When a captain or chief engineer take over a new command, a vibration analysis can bring to light issues or service items that need attention. This is extremely important if maintenance records weren’t kept well or if the previous crew left without disclosing information.

Although everyone has heard of vibration analysis, few truly appreciate how valuable it can be as a predictive and preventative maintenance tool.

Everything has vibration. Vibration is a mechanical principle in which oscillations occur around a point of equilibrium. One of the most important things to remember about vibration is that it is never solely a cosmetic issue, especially on a yacht. When vibration is loud enough to be heard or felt, it’s much more than a nuisance. It’s evidence that the vessel is not running at optimal performance, and mechanical components are suffering.

There are several terms that must be understood to learn what vibration isolation theory is. The first is frequency. Frequency is the number of complete cycles of oscillation that occur in a given period of time.

Natural frequency is the number of complete cycles of oscillation a mass will vibrate in a given period of time if a force displaces it from its center, allowing it to vibrate freely.

Disturbing frequency is defined as the frequency of vibration caused by an unbalanced, rotating or reciprocating movement of mass. When the disturbing frequency equals the natural frequency of the isolation system, exaggerated movement occurs. This is called resonance.

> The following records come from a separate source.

(* Let $\mathcal{A}$ be a BST mergesort algorithm which sorts the permutation $\pi$ of $\{1,\dots,n\}$ using $\mathcal{A}(\pi)$ accesses. Then $\mathrm{OPT}_{\mathrm{BST}}(\pi)\in O(\mathcal{A}(\pi))$.
   Context: BST model: the keys $\{1,\dots,n\}$ are stored in a BST; an access sequence is served in order, each search starting with a pointer at the root and at each step moving the pointer to the parent or a child, or rotating the current node with its parent, each at unit cost; the search must visit its key. $\mathrm{OPT}_{\mathrm{BST}}(\pi)$ is the minimum cost of an offline BST algorithm (knowing the whole sequence in advance) serving $\pi$ as an access sequence. A top tree of a binary tree $T$ is a connected set of nodes containing the root. BST merge: given BSTs $T_A,T_B$ with disjoint keys, for some top trees $\tau_a$ of $T_A$, $\tau_b$ of $T_B$, it returns a BST $T$ on the union of keys such that for some top tree $\tau$ of $T$, $\tau=\tau_a\cup\tau_b$, the subtrees of $T$ hanging off $\tau$ are unchanged subtrees of $T_A$ or $T_B$, and $\tau$ contains the block boundaries (in the sorted merged order, a block is a maximal contiguous run of keys from the same input; its boundaries are its first and last keys). Number of accesses: $|\tau|$. BST mergesort: on input of size 1 returns it; otherwise splits the input sequence into two contiguous parts each of size at least 1, recursively BST-mergesorts each, and BST-merges the results. Number of accesses: the sum of accesses over all merges. *)

From mathcomp Require Import all_boot.
Set Implicit Arguments. Unset Strict Implicit. Unset Printing Implicit Defensive.

Inductive tree := Leaf | Node of tree & nat & tree.

Fixpoint inorder (t : tree) : seq nat :=
  if t is Node l k r then inorder l ++ k :: inorder r else [::].
(* In the graph process described in the context, for every $i\in\{1,\ldots,q\}$, $|E_H^{(i)}|\le|E_H^{(i-1)}|+1$. Consequently $|E_H^{(q)}|\le q$.
   Context: Fix integers $n\ge1$, $h\ge2$, a real $\delta\in(0,1)$ with $\delta n^{1/(h-1)}>3$, and $S=\{1,\ldots,\lfloor\delta n\rfloor\}\subseteq[n]$. Let $(a_1,b_1),\ldots,(a_q,b_q)$ be a sequence of unordered pairs of distinct points of $[n]$, no pair repeated. All graphs are unweighted undirected on vertex set $[n]$; $d_G$ is the shortest-path (edge-count) distance ($\infty$ if disconnected), $\deg_G$ the degree. Graph process: $E_G^{(0)}=\{(u,v): u,v\in[n]\setminus S, u\ne v\}$, $E_H^{(0)}=\emptyset$, $G^{(i)}=([n],E_G^{(i)})$, $H^{(i)}=([n],E_H^{(i)})$. For $i=1,\ldots,q$: if $d_{G^{(i-1)}}(a_i,b_i)\le h$, choose a shortest $a_i$-$b_i$ path $P_i$ in $G^{(i-1)}$, set $E_H^{(i)}=E_H^{(i-1)}\cup\{\text{edges of }P_i\}$ and $E_G^{(i)}=E_G^{(i-1)}\setminus\{(u,v)\in E_G^{(i-1)}\setminus E_H^{(i)}: \deg_{H^{(i)}}(u)\ge\delta n^{1/(h-1)}-2\text{ or }\deg_{H^{(i)}}(v)\ge\delta n^{1/(h-1)}-2\}$; otherwise set $E_H^{(i)}=E_H^{(i-1)}$, $E_G^{(i)}=E_G^{(i-1)}$. *)

From mathcomp Require Import all_boot.
From Stdlib Require Import Reals.
Set Implicit Arguments. Unset Strict Implicit. Unset Printing Implicit Defensive.

(* Vertices [n] are modelled by 'I_n (vertex v : 'I_n stands for v+1 in [n]).
   An (unordered) edge is a 2-element set of vertices; an edge set is a
   {set {set 'I_n}}. *)

Definition adj n (E : {set {set 'I_n}}) (u v : 'I_n) : bool :=
  (u != v) && ([set u; v] \in E).

(* a walk from a to b: the vertex list a :: p, consecutive vertices adjacent;
   its length (number of edges) is size p *)
Definition walk n (E : {set {set 'I_n}}) (a b : 'I_n) (p : seq 'I_n) : bool :=
  path (adj E) a p && (last a p == b).

Definition dist_le n (E : {set {set 'I_n}}) (a b : 'I_n) (k : nat) : Prop :=
  exists p, walk E a b p /\ size p <= k.

Definition is_shortest n (E : {set {set 'I_n}}) (a b : 'I_n) (p : seq 'I_n) : Prop :=
  walk E a b p /\ forall p', walk E a b p' -> size p <= size p'.

Definition path_edges n (a : 'I_n) (p : seq 'I_n) : {set {set 'I_n}} :=
  [set:: [seq [set x.1; x.2] | x <- zip (a :: p) p]].

Definition deg n (E : {set {set 'I_n}}) (v : 'I_n) : nat := #|[set e in E | v \in e]|.

Definition thr (delta : R) (n h : nat) : R :=
  Rmult delta (Rpower (INR n) (Rinv (Rminus (INR h) 1))).

(* S = {1,...,floor(delta n)}: vertex v (i.e. v+1 in [n]) is in S iff v+1 <= delta n *)
Definition inS (delta : R) n (v : 'I_n) : Prop := Rle (INR v.+1) (Rmult delta (INR n)).

Definition initial_G (delta : R) n (EG0 : {set {set 'I_n}}) : Prop :=
  forall e : {set 'I_n}, e \in EG0 <-> (#|e| = 2 /\ forall v, v \in e -> ~ inS delta v).

(* one step of the process on the pair (a,b); the shortest path is an arbitrary choice *)
Definition process_step n h (delta : R)
    (EG EH EG' EH' : {set {set 'I_n}}) (a b : 'I_n) : Prop :=
  (dist_le EG a b h ->
     exists p, is_shortest EG a b p /\
       EH' = EH :|: path_edges a p /\
       (forall e, e \in EG' <->
          (e \in EG /\
           ~ (e \notin EH' /\
              exists v, v \in e /\ Rle (Rminus (thr delta n h) 2) (INR (deg EH' v))))))
  /\ (~ dist_le EG a b h -> EH' = EH /\ EG' = EG).

From mathcomp Require Import all_boot zify.
From Stdlib Require Import Reals Lra Classical.

Set Implicit Arguments.
Unset Strict Implicit.

(* Edges of H are never deleted from G, and a G-edge is deleted only once one of
   its endpoints is saturated (degree in H at least delta n^(1/(h-1)) - 2).
   Hence, throughout the process, an edge of G not yet in H has two unsaturated
   endpoints, while two vertices lying on edges of G but not joined in G have a
   saturated one.  Now let P be a shortest a-b path in G with two edges x x' and y' y
   outside H, x' preceding y' along P.  Then x and y are unsaturated, so they
   are adjacent in G, and jumping from x to y shortens P.  So each step adds at
   most one edge to H. *)

Section SeqFacts.

Variable T : Type.
Implicit Types (a : T) (p : seq T).

Lemma last_take_nth a p i :
  i <= size p -> last a (take i p) = nth a (a :: p) i.
Proof.
move=> hi; rewrite (last_nth a) size_take.
case: ltnP => hi'; last by rewrite (_ : i = size p) ?take_size //; lia.
by case: i hi hi' => [|k] //= hi hi'; rewrite nth_take.
Qed.

Lemma path_drop_nth (r : rel T) a p j :
  j <= size p -> path r a p -> path r (nth a (a :: p) j) (drop j p).
Proof.
move=> hj; rewrite -{1}(cat_take_drop j p) cat_path => /andP[_].
by rewrite last_take_nth.
Qed.

Lemma last_drop_nth a p j :
  j <= size p -> last (nth a (a :: p) j) (drop j p) = last a p.
Proof. by move=> hj; rewrite -[in RHS](cat_take_drop j p) last_cat last_take_nth. Qed.

End SeqFacts.

Lemma path_edgesP n (a : 'I_n) p e :
  reflect (exists2 j, j < size p & e = [set nth a (a :: p) j; nth a (a :: p) j.+1])
          (e \in path_edges a p).
Proof.
rewrite /path_edges inE; apply: (iffP idP).
  elim: p a => [|x p IH] a //=.
  rewrite in_cons => /orP[/eqP->|/IH [j hj ->]]; first by exists 0.
  by exists j.+1; rewrite //= !(set_nth_default x a) //= ltnS ltnW.
case=> j; elim: p a j => [|x p IH] a [|j] //= hj he; first by rewrite he mem_head.
rewrite in_cons; apply/orP; right; rewrite ltnS in hj.
by apply: (IH x j hj); rewrite he !(set_nth_default x a) //= ltnW.
Qed.

Section Walks.

Variables (n : nat) (E : {set {set 'I_n}}).

Lemma walk_edge a b p j :
  walk E a b p -> j < size p -> [set nth a (a :: p) j; nth a (a :: p) j.+1] \in E.
Proof. by case/andP=> hp _ hj; case/andP: ((pathP a hp) j hj). Qed.

Lemma walk_splice a b p i j q :
  walk E a b p -> i <= j -> j <= size p ->
  path (adj E) (nth a (a :: p) i) q -> last (nth a (a :: p) i) q = nth a (a :: p) j ->
  walk E a b (take i p ++ q ++ drop j p).
Proof.
move=> /andP[hp /eqP hl] hij hj hq hlq.
have hi : i <= size p by apply: leq_trans hj.
apply/andP; split.
  by rewrite !cat_path (take_path _ hp) last_take_nth // hq hlq path_drop_nth.
by rewrite !last_cat last_take_nth // hlq last_drop_nth // hl.
Qed.

Lemma size_splice (p q : seq 'I_n) i j :
  i <= j -> j <= size p -> size (take i p ++ q ++ drop j p) = i + size q + (size p - j).
Proof. by move=> hij hj; rewrite !size_cat size_takel ?size_drop ?addnA //; lia. Qed.

Lemma shortest_nth_neq a b p i j :
  is_shortest E a b p -> i < j -> j <= size p -> nth a (a :: p) i != nth a (a :: p) j.
Proof.
move=> [hw hmin] hij hj; apply/eqP => heq.
have := hmin _ (walk_splice (q := [::]) hw (ltnW hij) hj isT heq).
by rewrite size_splice ?(ltnW hij) //=; lia.
Qed.

Lemma shortest_nth_nadj a b p i j :
  is_shortest E a b p -> i.+1 < j -> j <= size p ->
  ~~ adj E (nth a (a :: p) i) (nth a (a :: p) j).
Proof.
move=> [hw hmin] hij hj; apply/negP => hadj.
have hq : path (adj E) (nth a (a :: p) i) [:: nth a (a :: p) j] by rewrite /= hadj.
have := hmin _ (walk_splice hw (ltnW (ltnW hij)) hj hq erefl).
by rewrite size_splice ?(ltnW (ltnW hij)) //=; lia.
Qed.

End Walks.

Lemma deg_subset n (E E' : {set {set 'I_n}}) v : E \subset E' -> deg E v <= deg E' v.
Proof.
move=> sEE'; apply/subset_leq_card/subsetP => e.
by rewrite !inE => /andP[/(subsetP sEE') -> ->].
Qed.

Section Invariant.

Variables (n h : nat) (delta : R).
Implicit Types (EG EH : {set {set 'I_n}}) (u v : 'I_n).

Definition saturated EH v : Prop := Rle (Rminus (thr delta n h) 2) (INR (deg EH v)).

Definition covered (E : {set {set 'I_n}}) v : Prop := exists2 e, e \in E & v \in e.

Record process_inv EG EH : Prop := {
  unused_unsaturated : forall e v, e \in EG -> e \notin EH -> v \in e -> ~ saturated EH v;
  missing_saturated : forall u v, u != v -> covered EG u -> covered EG v ->
    [set u; v] \notin EG -> saturated EH u \/ saturated EH v
}.

Lemma saturated_subset EH EH' v : EH \subset EH' -> saturated EH v -> saturated EH' v.
Proof. by move=> sub hv; apply/(Rle_trans _ _ _ hv)/le_INR/leP/deg_subset. Qed.

Lemma process_inv0 EG0 :
  initial_G delta EG0 -> Rlt 3 (thr delta n h) -> process_inv EG0 set0.
Proof.
move=> hG hthr; split.
  move=> e v _ _ _; rewrite /saturated (_ : deg set0 v = 0) /=; first lra.
  by apply/eqP; rewrite cards_eq0; apply/eqP/setP => x; rewrite !inE.
have outS w : covered EG0 w -> ~ inS delta w by case=> e /hG[_]; apply.
move=> u v huv /outS hu /outS hv /negP[]; apply/hG; split; first by rewrite cards2 huv.
by move=> w /set2P[]->.
Qed.

Lemma process_step_inv EG EH EG' EH' a b :
  process_inv EG EH -> process_step h delta EG EH EG' EH' a b -> process_inv EG' EH'.
Proof.
move=> [I1 I2] [Hd Hnd].
have [hd|hd] := classic (dist_le EG a b h); last by have [-> ->] := Hnd hd.
have [p [_ [hEH hEG']]] := Hd hd.
have sub : EH \subset EH' by rewrite hEH subsetUl.
have sGG' e : e \in EG' -> e \in EG by case/hEG'.
split.
  by move=> e v /hEG'[_ hkeep] hne hv hsat; apply: hkeep; split=> //; exists v.
have covG w : covered EG' w -> covered EG w by case=> e /sGG'; exists e.
move=> u v huv /covG cu /covG cv hn.
have [hin|hin] := boolP ([set u; v] \in EG); last first.
  by case: (I2 u v huv cu cv hin) => hs; [left|right]; apply: saturated_subset hs.
apply: NNPP => hno; move/negP: hn; apply; apply/hEG'; split=> //.
by case=> _ [w [/set2P[]-> hw]]; apply: hno; [left|right].
Qed.

Lemma shortest_new_edges EG EH a b p :
  process_inv EG EH -> is_shortest EG a b p -> #|path_edges a p :\: EH| <= 1.
Proof.
move=> [I1 I2] hs; have [hw _] := hs.
pose s k := nth a (a :: p) k.
suff no2 j1 j2 : j1 < j2 -> j2 < size p ->
    [set s j1; s j1.+1] \notin EH -> [set s j2; s j2.+1] \notin EH -> False.
  apply/card_le1_eqP => x y /setDP[/path_edgesP[j1 hj1 ->] hx] /setDP[/path_edgesP[j2 hj2 ->] hy].
  by case: (ltngtP j1 j2) => [hlt|hlt|->] //; exfalso; [apply: (no2 j1 j2) | apply: (no2 j2 j1)].
move=> hlt hj2 hn1 hn2.
have e1G := walk_edge hw (ltn_trans hlt hj2); have e2G := walk_edge hw hj2.
have lo1 : ~ saturated EH (s j1) by apply: I1 e1G hn1 _; rewrite !inE eqxx.
have lo2 : ~ saturated EH (s j2.+1) by apply: I1 e2G hn2 _; rewrite !inE eqxx orbT.
have cov1 : covered EG (s j1) by exists [set s j1; s j1.+1]; rewrite ?inE ?eqxx.
have cov2 : covered EG (s j2.+1) by exists [set s j2; s j2.+1]; rewrite ?inE ?eqxx ?orbT.
have hneq := shortest_nth_neq hs (ltnW hlt : j1 < j2.+1) hj2.
have hnadj := shortest_nth_nadj hs (hlt : j1.+1 < j2.+1) hj2.
have [hin|hout] := boolP ([set s j1; s j2.+1] \in EG).
  by move/negP: hnadj; apply; rewrite /adj hneq hin.
by case: (I2 _ _ hneq cov1 cov2 hout).
Qed.

Lemma process_step_card EG EH EG' EH' a b :
  process_inv EG EH -> process_step h delta EG EH EG' EH' a b -> #|EH'| <= #|EH| + 1.
Proof.
move=> hI [Hd Hnd].
have [hd|hd] := classic (dist_le EG a b h); last by have [-> _] := Hnd hd; rewrite leq_addr.
have [p [hs [-> _]]] := Hd hd.
have := shortest_new_edges hI hs; have := cardsID EH (path_edges a p).
rewrite cardsU setIC; lia.
Qed.

End Invariant.

Theorem mainTheorem8 (n h q : nat) (delta : R) (pa pb : nat -> 'I_n)
    (EG EH : nat -> {set {set 'I_n}}) :
  1 <= n -> 2 <= h -> Rlt 0 delta -> Rlt delta 1 -> Rlt 3 (thr delta n h) ->
  (forall i, 1 <= i <= q -> pa i != pb i) ->
  (forall i j, 1 <= i <= q -> 1 <= j <= q -> i != j ->
     [set pa i; pb i] != [set pa j; pb j]) ->
  initial_G delta (EG 0) -> EH 0 = set0 ->
  (forall i, 1 <= i <= q ->
     process_step h delta (EG i.-1) (EH i.-1) (EG i) (EH i) (pa i) (pb i)) ->
  (forall i, 1 <= i <= q -> #|EH i| <= #|EH i.-1| + 1) /\ #|EH q| <= q.
Proof.
move=> _ _ _ _ hthr _ _ hG0 hH0 hstep.
have inv i : i <= q -> process_inv h delta (EG i) (EH i).
  elim: i => [|i IH] hi; first by rewrite hH0; apply: process_inv0.
  exact: process_step_inv (IH (ltnW hi)) (hstep i.+1 hi).
have grow i : 1 <= i <= q -> #|EH i| <= #|EH i.-1| + 1.
  case: i => [//|i] /= hi; exact: process_step_card (inv i (ltnW hi)) (hstep i.+1 hi).
split=> //; suff : forall i, i <= q -> #|EH i| <= i by apply.
elim=> [|i IH] hi; first by rewrite hH0 cards0.
by apply: leq_trans (grow i.+1 hi) _; rewrite addn1 ltnS IH // ltnW.
Qed.
Lemma mdeg_le_wdeg_lds (m : 'X_{1..n}) :
  (forall i : 'I_n, m i != 0%N -> (l <= i)%N) -> (mdeg m)%:Z <= wdeg w m.
Proof.
move=> m_supp; rewrite mdegE /wdeg (big_morph Posz PoszD (erefl 0%:Z)).
apply: ler_sum => i _; have [->|mi_nz] := eqVneq (m i) 0%N; first by rewrite mulr0.
rewrite /lds_weight ltnNge m_supp //=.
by case: ifP => _; rewrite ler_pMl //; lia.
Qed.

Lemma wdeg_lds_mid (m : 'X_{1..n}) :
  (forall i : 'I_n, m i != 0%N -> (l <= i < 2 * l)%N) -> wdeg w m = (n.+1 * mdeg m)%N%:Z.
Proof.
move=> m_supp; rewrite mdegE big_distrr /= (big_morph Posz PoszD (erefl 0%:Z)).
apply: eq_bigr => i _; have [->|mi_nz] := eqVneq (m i) 0%N; first by rewrite mulr0 muln0.
by have /andP [li il] := m_supp i mi_nz; rewrite /lds_weight ltnNge li il.
Qed.

Lemma wdeg_lds_G_gt0 m : m \in msupp G -> 0 < wdeg w m.
Proof.
move=> mG; apply: lt_le_trans (mdeg_le_wdeg_lds (G_supp mG)).
by rewrite (dhomog_mf G_homog mG).
Qed.

Lemma wdeg_lds_H_gt0 (i j : 'I_n) m : (i < l)%N -> j = l + i :> nat ->
  m \in msupp ('X_i * mderiv j H) -> 0 < wdeg w m.
Proof.
move=> il jE; rewrite mulrC (perm_mem (msuppMX _ _)) => /mapP [m' m'_der ->].
have m'H : (m' + U_(j))%MM \in msupp H.
  move: m'_der; rewrite !mcoeff_msupp mcoeff_mderiv.
  by apply: contraNneq => ->; rewrite mul0rn.
have dm' : mdeg m' = d.
  have : mdeg (m' + U_(j))%MM = d.+1 := dhomog_mf H_homog m'H.
  by rewrite mdegD mdeg1 addn1 => -[].
have wm' : wdeg w m' = (n.+1 * d)%N%:Z.
  rewrite -dm'; apply: wdeg_lds_mid => i' m'i'.
  by apply: (H_supp m'H); rewrite mnmDE; lia.
rewrite wdegD wdegU wm' /lds_weight il.
have : (n.+1 * 2 <= n.+1 * d)%N by rewrite leq_mul2l d_ge2 orbT.
lia.
Qed.

Lemma lds_poly_wdeg_gt0 : {in msupp (lds_poly l H G), forall m, 0 < wdeg w m}.
Proof.
move=> m /msuppD_le; rewrite mem_cat => /orP [|/wdeg_lds_G_gt0 //].
move=> /msupp_sum_le /flattenP [s /mapP [i _ ->]] /msupp_sum_le /flattenP [s' /mapP [j]].
rewrite mem_filter => /andP [/andP [il /eqP jE] _] ->.
exact: wdeg_lds_H_gt0.
Qed.

End LDSWeights.

Theorem lemma1p4 (k : fieldType) (n d : nat) (f : {mpoly k[n]}) :
  (2 <= d)%N -> f \is (d.+1).-homog -> LDS d f -> ~ semistable d f.
Proof.
move=> d_ge2 f_homog [l [l_gt0 [l2n [A [A_unit [H [G]]]]]]].
move=> [H_homog [G_homog [H_supp [G_supp fE]]]].
move=> [m [m_gt0 [F [F_homog [F_inv /eqP []]]]]].
rewrite fE in f_homog *.
have lds_gt0 := lds_poly_wdeg_gt0 d_ge2 l_gt0 H_homog G_homog H_supp G_supp.
exact: SL_invariant_eq0_of_wdeg_gt0 (sum_lds_weight l2n) lds_gt0 A_unit f_homog
  m_gt0 F_homog F_inv.
Qed.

In the quest to reduce vibration, the theory of isolation is extremely important to understand, especially when it pertains to engine mounts. All machines in operation emit vibration of some sort that will vary in intensity or amplitude. Since vibration is a force, introducing an opposite force can reduce the transmission. To succeed at “isolating” the vibration, the environment of the installation must be assessed, namely three important factors: the weight of what is supported, the disturbing frequency of the machine, and the rigidity of the structure of the supporting machine and its foundation.

When seeking to reduce the transmission of vibration, a robust material should be introduced. The material must be so resilient that it returns to its original height after the load is removed. Rubber in engine mounts are a perfect example. When engine mounts deflect from the mass of the engine, they establish low natural frequency of the isolation system. When the isolation system is at a lower frequency than that of the machine, vibration is absorbed by the rubber in each phase of its cycle.

The lower the natural frequency and the higher engine RPM, the more efficient the isolation system. Successful isolation systems also aid in noise reduction, as they break the flow of structure-borne noise coming from the machine.

Vibration analysis uses collected data to break down vibration into individual frequency components. AME uses three methods to analyze data: manufacturer’s requirements, comparing it to another similar machine that is known to be operating well, and using published vibration standards.

The frequency, direction and amplitude of the vibration are then examined. Using those factors as a basis, mechanical issues such as deteriorated or incorrectly installed engine mounts, bent shafts, engine misfire, exhaust deficiencies and propeller issues can be detected.

The benefits of vibration analysis go way beyond forecasting mechanical failures. The analysis provides valuable information that is backed up by science. By making educated maintenance decisions that have sound, scientific backing, objectivity is eliminated, making a captain’s or engineer’s approach to maintenance a targeted one, allowing for more efficient and cost-friendly yard periods.